Ася села за рояль и стала петь. Все песни ее были какие-то особенные, тайно-дразнящие и волнующие. Пела об ягуаровых пледах и упоительно мчащихся авто, о лиловом негре из Сан-Франциско, о какой-то мадам Люлю, о сладких тайнах, скрытых в ласковом угаре шуршащего шелка, и обжигающе-призывен был припев:
Мадам Люлю,
Я вас люблю!
Ей шепчут страстно и знойно…
Остро вспыхивали брильянты в серьгах Аси. И была дурманящая, сладострастно-ластящаяся красота в ее песнях. И только мешал шум стекольщика и его чахоточный, как будто намеренно-громкий кашель.
И сверкало солнце. И мягко качались за окнами малахитово-зеленые волны.

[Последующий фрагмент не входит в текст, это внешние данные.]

(* Let $\{\mathcal G,(\Gamma_0,\Gamma_1),(\widetilde\Gamma_0,\widetilde\Gamma_1)\}$ be a triple for the adjoint pair $\{S,\widetilde S\}$ satisfying (G), (D) and (M). Then $\operatorname{dom}S=\ker\widetilde\Gamma_0\cap\ker\widetilde\Gamma_1$ and $\operatorname{dom}\widetilde S=\ker\Gamma_0\cap\ker\Gamma_1$.
   Context: Let $\mathfrak H$ be a separable Hilbert space. An adjoint pair $\{S,\widetilde S\}$ consists of densely defined closed operators $S,\widetilde S$ in $\mathfrak H$ with $(Sf,g)=(f,\widetilde Sg)$ for all $f\in\operatorname{dom}S$, $g\in\operatorname{dom}\widetilde S$. Fix operators $T\subset S^*$ and $\widetilde T\subset\widetilde S^*$ which are cores, i.e. $\overline T=S^*$ and $\overline{\widetilde T}=\widetilde S^*$ (equivalently $T^*=S$, $\widetilde T^*=\widetilde S$). A triple $\{\mathcal G,(\Gamma_0,\Gamma_1),(\widetilde\Gamma_0,\widetilde\Gamma_1)\}$ for $\{S,\widetilde S\}$ consists of a Hilbert space $\mathcal G$ and linear maps $\Gamma_0,\Gamma_1:\operatorname{dom}T\to\mathcal G$, $\widetilde\Gamma_0,\widetilde\Gamma_1:\operatorname{dom}\widetilde T\to\mathcal G$. Put $A_0:=T\upharpoonright\ker\Gamma_0$ and $\widetilde A_0:=\widetilde T\upharpoonright\ker\widetilde\Gamma_0$. Conditions: (G) $(Tf,g)_{\mathfrak H}-(f,\widetilde Tg)_{\mathfrak H}=(\Gamma_1f,\widetilde\Gamma_0g)_{\mathcal G}-(\Gamma_0f,\widetilde\Gamma_1g)_{\mathcal G}$ for all $f\in\operatorname{dom}T$, $g\in\operatorname{dom}\widetilde T$; (D) $\operatorname{ran}\Gamma_0$ and $\operatorname{ran}\widetilde\Gamma_0$ are dense in $\mathcal G$; (M) $A_0^*=\widetilde A_0$ and $\widetilde A_0^*=A_0$. *)

From HB Require Import structures.
From mathcomp Require Import all_boot all_order all_algebra.
From mathcomp Require Import all_classical all_reals all_analysis.
From mathcomp Require Import complex.
Set Implicit Arguments. Unset Strict Implicit. Unset Printing Implicit Defensive.
Import Order.TTheory GRing.Theory Num.Theory.
Import numFieldNormedType.Exports.
Local Open Scope classical_set_scope.
Local Open Scope ring_scope.

Record is_inner_product (R : realType) (H : completeNormedModType R[i])
    (ip : H -> H -> R[i]) : Prop := IsInnerProduct {
  ip_linear : forall (a : R[i]) (x y z : H),
      ip (a *: x + y) z = a * ip x z + ip y z;
  ip_conj : forall x y : H, ip y x = (ip x y)^*;
  ip_norm : forall x : H, ip x x = `|x| ^+ 2 }.

Definition separable (T : topologicalType) :=
  exists D : set T, countable D /\ dense D.

Record op (H : Type) := Op { dom : set H; app : H -> H }.

Definition subspace (K : pzRingType) (V : lmodType K) (D : set V) :=
  D 0 /\ forall (a : K) x y, D x -> D y -> D (a *: x + y).

Definition linear_on (K : pzRingType) (V W : lmodType K) (D : set V)
    (f : V -> W) :=
  forall (a : K) x y, D x -> D y -> f (a *: x + y) = a *: f x + f y.

Definition is_op (K : pzRingType) (V : lmodType K) (A : op V) :=
  subspace (dom A) /\ linear_on (dom A) (app A).

Definition graph (H : Type) (A : op H) : set (H * H) :=
  [set p | dom A p.1 /\ p.2 = app A p.1].

Definition densely_defined (T : topologicalType) (A : op T) := dense (dom A).

Definition closed_op (T : topologicalType) (A : op T) := closed (graph A).

(* The adjoint A^* : dom A^* = {g | exists h, forall f in dom A, (Af,g) = (f,h)},
   A^* g = that (unique, A densely defined) h. *)
Definition adjoint (R : realType) (H : completeNormedModType R[i])
    (ip : H -> H -> R[i]) (A : op H) : op H :=
  Op [set g | exists h, forall f, dom A f -> ip (app A f) g = ip f h]
     (fun g => xget 0 [set h | forall f, dom A f -> ip (app A f) g = ip f h]).

Definition op_restrict (H : Type) (A : op H) (D : set H) : op H :=
  Op (dom A `&` D) (app A).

На Катю музыка всегда действовала странно: охватывало сладкое, безвольное безумие, и душа опьяненно качалась на колдовских волнах, без сил и без желания бороться с ними.
Подошел Дмитрий. От него слегка пахло дорогим коньяком. Он сказал извиняющимся голосом:
– Пять минут еще посидим и уйдем. Знаешь, после бивачной жизни так приятна эта чистота, блеск, эти оживленные лица…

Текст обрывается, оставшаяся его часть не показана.